I’m writing this sitting on the sofa feeling totally exhausted. I suspect my body is reacting to the fact that it took four – yes, four – attempts at the hospital today to find a vein into which they could inject the radioactive tracer for the PET CT scan I was to have.
We got there eventually but at one stage – I think it was during the third attempt – I started sweating and feeling queasy and I genuinely thought I might faint. I closed my eyes, rested my head in the hand that wasn’t being used for the injection, took some deep breaths and, thankfully, it passed. I felt sorry for the lovely chap doing his best to find a decent vein; he felt sorry for me, having to go through this. In the end, I had the injection through a vein in the back of my hand, the second attempt in that area.
Injection over, I then had to sit quietly for an hour while the radiotracer worked its way round my body before then spending half an hour lying on my back in the scanner with my arms stretched out behind my head, taking care to stay as still as possible for the whole time.
Scans and needles generally don’t bother me but today was taxing to say the least.
This was my first scan since starting on capecitabine oral chemotherapy at the end of May. It’s to measure how this latest treatment is working. That is, is it having the desired effect of stopping the secondary breast cancer that has spread to my bones and infiltrated my bone marrow from spreading further?

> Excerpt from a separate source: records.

Lemma quantile_glb (t : R) : 0 < t < 1 -> is_glb (fun x => t <= G x) (quantile G t).
Proof.
  intros Ht. unfold quantile. apply epsilon_spec.
  destruct (G_tails (Rmin t (1 - t))) as [M [HMl HMr]];
    [unfold Rmin; destruct Rle_dec; lra|].
  destruct (completeness (fun x => t <= G (- x))) as [m [Hub Hlub]].
  - exists M. intros x Hx. apply Rnot_lt_le; intro Hlt.
    specialize (HMl (- x) ltac:(lra)). unfold Rmin in HMl; destruct Rle_dec; lra.
  - exists (- M). rewrite Ropp_involutive. specialize (HMr M (Rle_refl _)).
    unfold Rmin in HMr; destruct Rle_dec; lra.
  - exists (- m). split.
    + intros x Hx. assert (- x <= m) by (apply Hub; rewrite Ropp_involutive; exact Hx). lra.
    + intros b Hb. assert (m <= - b); [|lra].
      apply Hlub. intros x Hx. specialize (Hb (- x) Hx). lra.
Qed.

(* [G] is continuous, so it attains every level at its quantile. *)
Lemma G_quantile (t : R) : 0 < t < 1 -> G (quantile G t) = t.
Proof.
  intros Ht. destruct (quantile_glb t Ht) as [Hlb Hglb].
  set (q := quantile G t) in *.
  assert (Hstep : forall eps, 0 < eps -> exists d, 0 < d /\ g 0 * d <= eps).
  { intros eps Heps. pose proof (g_nonneg 0). exists (eps / (g 0 + 1)). split.
    - apply Rdiv_lt_0_compat; lra.
    - apply Rle_trans with ((g 0 + 1) * (eps / (g 0 + 1))); [|right; field; lra].
      assert (0 < eps / (g 0 + 1)) by (apply Rdiv_lt_0_compat; lra). nra. }
  apply Rle_antisym; apply Rle_plus_epsilon; intros eps Heps;
    destruct (Hstep eps Heps) as [d [Hd Hgd]].
  - assert (Hbelow : G (q - d) < t).
    { apply Rnot_le_lt; intro Hle. specialize (Hlb _ Hle). lra. }
    pose proof (G_lipschitz (q - d) q ltac:(lra)). lra.
  - assert (Habove : t <= G (q + d)).
    { apply NNPP; intro Hn. assert (q + d <= q); [|lra].
      apply Hglb. intros y Hy. apply Rnot_lt_le; intro Hlt. apply Hn.
      apply Rle_trans with (G y); [exact Hy|apply G_nondecr; lra]. }
    pose proof (G_lipschitz q (q + d) ltac:(lra)). lra.
Qed.

Lemma quantile_le_iff (t y : R) : 0 < t < 1 -> quantile G t <= y <-> t <= G y.
Proof.
  intros Ht. split.
  - intros Hq. rewrite <- (G_quantile t Ht). apply G_nondecr, Hq.
  - intros Hy. apply (proj1 (quantile_glb t Ht)), Hy.
Qed.

Lemma quantile_mono (t1 t2 : R) :
  0 < t1 < 1 -> 0 < t2 < 1 -> t1 <= t2 -> quantile G t1 <= quantile G t2.
Proof.
  intros H1 H2 Ht. apply (quantile_le_iff t1 _ H1). rewrite (G_quantile t2 H2). exact Ht.
Qed.

Hypothesis g_logconcave : logconcave g.

(* Log-concavity of [g]: the likelihood ratio [g (t - c) / g t] is
   nondecreasing in [t] for [c >= 0]. *)
Lemma g_ratio_mono (s t c : R) : s <= t -> 0 <= c -> g t * g (s - c) <= g (t - c) * g s.
Proof.
  intros Hst Hc.
  pose proof (g_nonneg t). pose proof (g_nonneg (s - c)).
  pose proof (g_nonneg (t - c)). pose proof (g_nonneg s).
  destruct (Req_dec (g t) 0) as [E|E]; [rewrite E; nra|].
  destruct (Req_dec (g (s - c)) 0) as [E'|E']; [rewrite E'; nra|].
  destruct (Req_dec c 0) as [->|Hc0].
  { rewrite !Rminus_0_r. nra. }
  destruct (Req_dec s t) as [->|Hst0]; [nra|].
  (* [s] and [t - c] are convex combinations of [s - c] and [t]. *)
  set (l := (t - s) / (t - s + c)).
  assert (Hl : 0 <= l <= 1).
  { unfold l. split.
    - apply Rmult_le_pos; [lra|]. left; apply Rinv_0_lt_compat; lra.
    - apply Rmult_le_reg_r with (t - s + c); [lra|]. field_simplify; lra. }
  destruct (g_logconcave (s - c) t l ltac:(lra) ltac:(lra) Hl) as [Ps Ls].
  destruct (g_logconcave (s - c) t (1 - l) ltac:(lra) ltac:(lra) ltac:(lra)) as [Ptc Ltc].
  replace (l * (s - c) + (1 - l) * t) with s in Ps, Ls by (unfold l; field; lra).
  replace ((1 - l) * (s - c) + (1 - (1 - l)) * t) with (t - c) in Ptc, Ltc
    by (unfold l; field; lra).
  apply Rnot_lt_le; intro Hlt.
  apply ln_increasing in Hlt; [|nra].
  rewrite !ln_mult in Hlt by lra. lra.
Qed.

(* Integrating [g_ratio_mono] over [s <= x]. *)
Lemma G_density_ratio (x t c : R) :
  x <= t -> 0 <= c -> g t * G (x - c) <= g (t - c) * G x.
Proof.
  intros Hxt Hc. apply Rle_plus_epsilon; intros eps Heps.
  pose proof (g_nonneg 0).
  destruct (G_tails (eps / (g 0 + 1))) as [M [HM _]]; [apply Rdiv_lt_0_compat; lra|].
  set (A := Rmin x (- M)).
  assert (HA : A <= x) by apply Rmin_l.
  assert (Hsmall : G (A - c) < eps / (g 0 + 1))
    by (apply HM; unfold A; pose proof (Rmin_r x (- M)); lra).
  assert (Hint : g t * (G (x - c) - G (A - c)) <= g (t - c) * (G x - G A)).
  { rewrite <- RInt_shifted_g, <- RInt_g, <- !RInt_scal_R
      by (apply g_integrable || apply shifted_g_integrable).
    apply RInt_le; [exact HA|apply ex_RInt_scal_R, shifted_g_integrable|
      apply ex_RInt_scal_R, g_integrable|].
    intros s Hs. apply g_ratio_mono; lra. }
  assert (Htail : g t * G (A - c) <= eps).
  { apply Rle_trans with (g 0 * (eps / (g 0 + 1))).
    - apply Rmult_le_compat; [apply g_nonneg|apply G_nonneg|apply g_le_g0|lra].
    - apply Rle_trans with ((g 0 + 1) * (eps / (g 0 + 1))); [|right; field; lra].
      assert (0 < eps / (g 0 + 1)) by (apply Rdiv_lt_0_compat; lra). nra. }
  pose proof (G_nonneg A). pose proof (g_nonneg (t - c)). nra.
Qed.

(* Log-concavity of [G]: the ratio [G (y - c) / G y] is nondecreasing in [y]
   for [c >= 0] (integrate [G_density_ratio] over [x <= t <= y]). *)
Lemma G_ratio_mono (x y c : R) :
  x <= y -> 0 <= c -> G (x - c) * G y <= G (y - c) * G x.
Proof.
  intros Hxy Hc.
  assert (Hint : G (x - c) * (G y - G x) <= G x * (G (y - c) - G (x - c))).
  { rewrite <- RInt_shifted_g, <- RInt_g, <- !RInt_scal_R
      by (apply g_integrable || apply shifted_g_integrable).
    apply RInt_le; [exact Hxy|apply ex_RInt_scal_R, g_integrable|
      apply ex_RInt_scal_R, shifted_g_integrable|].
    intros t Ht. rewrite Rmult_comm, (Rmult_comm (G x)). apply G_density_ratio; lra. }
  nra.
Qed.

Variable alpha : R.
Hypothesis alpha_range : 0 < alpha < 1.

Local Notation d0 := (dzero G alpha).
Local Notation d1 := (dzero1 G alpha).

Lemma d0_level_range : 0 < 1 / (1 + alpha) < 1.
Proof.
  split; [apply Rdiv_lt_0_compat; lra|].
  apply Rmult_lt_reg_r with (1 + alpha); [lra|]. field_simplify; lra.
Qed.

Lemma G_d0 : G d0 = 1 / (1 + alpha).
Proof. apply G_quantile, d0_level_range. Qed.

Lemma G_d1 : G d1 = 1 - alpha / 2.
Proof. apply G_quantile; lra. Qed.

Lemma G_opp_d0 : G (- d0) = alpha * G d0.
Proof. rewrite G_opp, G_d0. field. lra. Qed.

Lemma G_opp_d1 : G (- d1) = alpha / 2.
Proof. rewrite G_opp, G_d1. ring. Qed.

Lemma d0_gt_half : 1 / 2 < G d0.
Proof.
  rewrite G_d0. apply Rmult_lt_reg_r with (2 * (1 + alpha)); [lra|].
  field_simplify; lra.
Qed.

(* Both [d0] and [d1] lie right of the mode since their levels exceed 1/2. *)
Lemma d0_pos : 0 < d0.
Proof.
  apply Rnot_le_lt; intro Hle. pose proof (G_nondecr _ _ Hle).
  pose proof d0_gt_half. rewrite G_0 in *. lra.
Qed.

Lemma d1_pos : 0 < d1.
Proof.
  apply Rnot_le_lt; intro Hle. pose proof (G_nondecr _ _ Hle).
  rewrite G_d1, G_0 in *. lra.
Qed.

(* AM-GM in the form [(1 + alpha)^2 >= 4 alpha]. *)
Lemma level_amgm : 4 * (alpha * (1 / (1 + alpha))) * (alpha * (1 / (1 + alpha))) <= alpha.
Proof.
  replace (4 * (alpha * (1 / (1 + alpha))) * (alpha * (1 / (1 + alpha))))
    with (alpha * (4 * alpha / ((1 + alpha) * (1 + alpha)))) by (field; lra).
  apply Rle_trans with (alpha * 1); [apply Rmult_le_compat_l; [lra|]|lra].
  apply Rmult_le_reg_r with ((1 + alpha) * (1 + alpha)); [nra|].
  unfold Rdiv; rewrite Rmult_assoc, Rinv_l by nra. nra.
Qed.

Until very recently, all the signs were positive. I’d moved from a three-week cycle comprising two consecutive weeks on chemo tablets followed by one week off to a four-week cycle of one week on followed by one week off and the same again.
My haemoglobin level was again within the normal range – albeit at the lower end – for the first time since April.
As for side effects, I was tolerating capecitabine well. I’d been feeling fine on the whole. Walking for miles, going on long bike rides, playing tennis. Also, no diarrhoea whatsoever; this can be a big problem. I’d been getting some tingling in the fingers of my left hand and my toes and the surrounding area of the soles of my feet had been feeling kind of numb – even more numb than usual (a side effect from the chemo I had as part of my treatment for primary breast cancer five years ago now, known as chemotherapy-induced peripheral neuropathy). It’s undeniably annoying and irritating but it is tolerable. There’s still no pain from the cancer itself.
Importantly, the relevant tumour marker had been falling with each cycle of capecitabine. Until this latest cycle, that is. The number is not up by much, relatively speaking, but it’s still up. I can’t deny it was a bit of a body blow when the consultant gave me that particular piece of news at my clinic appointment with her last week. “I’m never going to be stable, am I?”, I think was my response.
Capecitabine is my second line of treatment and I started cycle #6 this evening. With the first line (see previous blogs), the tumour marker kept going down until it got to a certain level – at which point it started going up again and just kept going up. We eventually moved on from that treatment when scans showed signs that the cancer had progressed. Will it be the same with capecitabine or will we manage to keep that tumour marker subdued and hope this recent rise was a one off?
I get the scan results in a couple of weeks’ time. I’ll have another round of blood tests beforehand and will get both the scan and blood test results at the same time. We’re clearly hoping for no progression but we have to be on the lookout for what might be causing that marker to rise.
I could have had the scan next week, in which case there would only be a week between having it and getting the results. For various reasons, I chose this week, even though it means a longer wait.
Pandemic restrictions permitting, we’re planning some nice adventures over the next couple of weeks but I’ll no doubt find myself increasingly thinking about what the results might be the closer we get to the date of my next appointment.
I’ve had many, many experiences with needles in recent years – to have blood taken, to enable the insertion of a cannula so I can be given iv chemotherapy or iv antibiotics or blood transfusions, or, as was the case today, to have a radiotracer injected for a PET CT scan. In all that time, there have been very few problems. Regardless, you always have some degree of concern that it won’t go well, especially when you’re aware that your veins are most likely damaged from earlier iv chemo. This is as good an opportunity as any to express my gratitude to the fabulous phlebotomists and oncology nurses at St George’s Hospital in south west London where I’m currently being treated. I know it’s their job, but the care they show and the tenderness with which they treat you make things so much easier.
As for the results of this latest scan, what will be will be. In the meantime, let’s take each day as it comes.
Note: This is my first post since early August. A lot has happened over the past couple of months and for a while I really didn’t feel like writing. It feels good to be in the saddle again.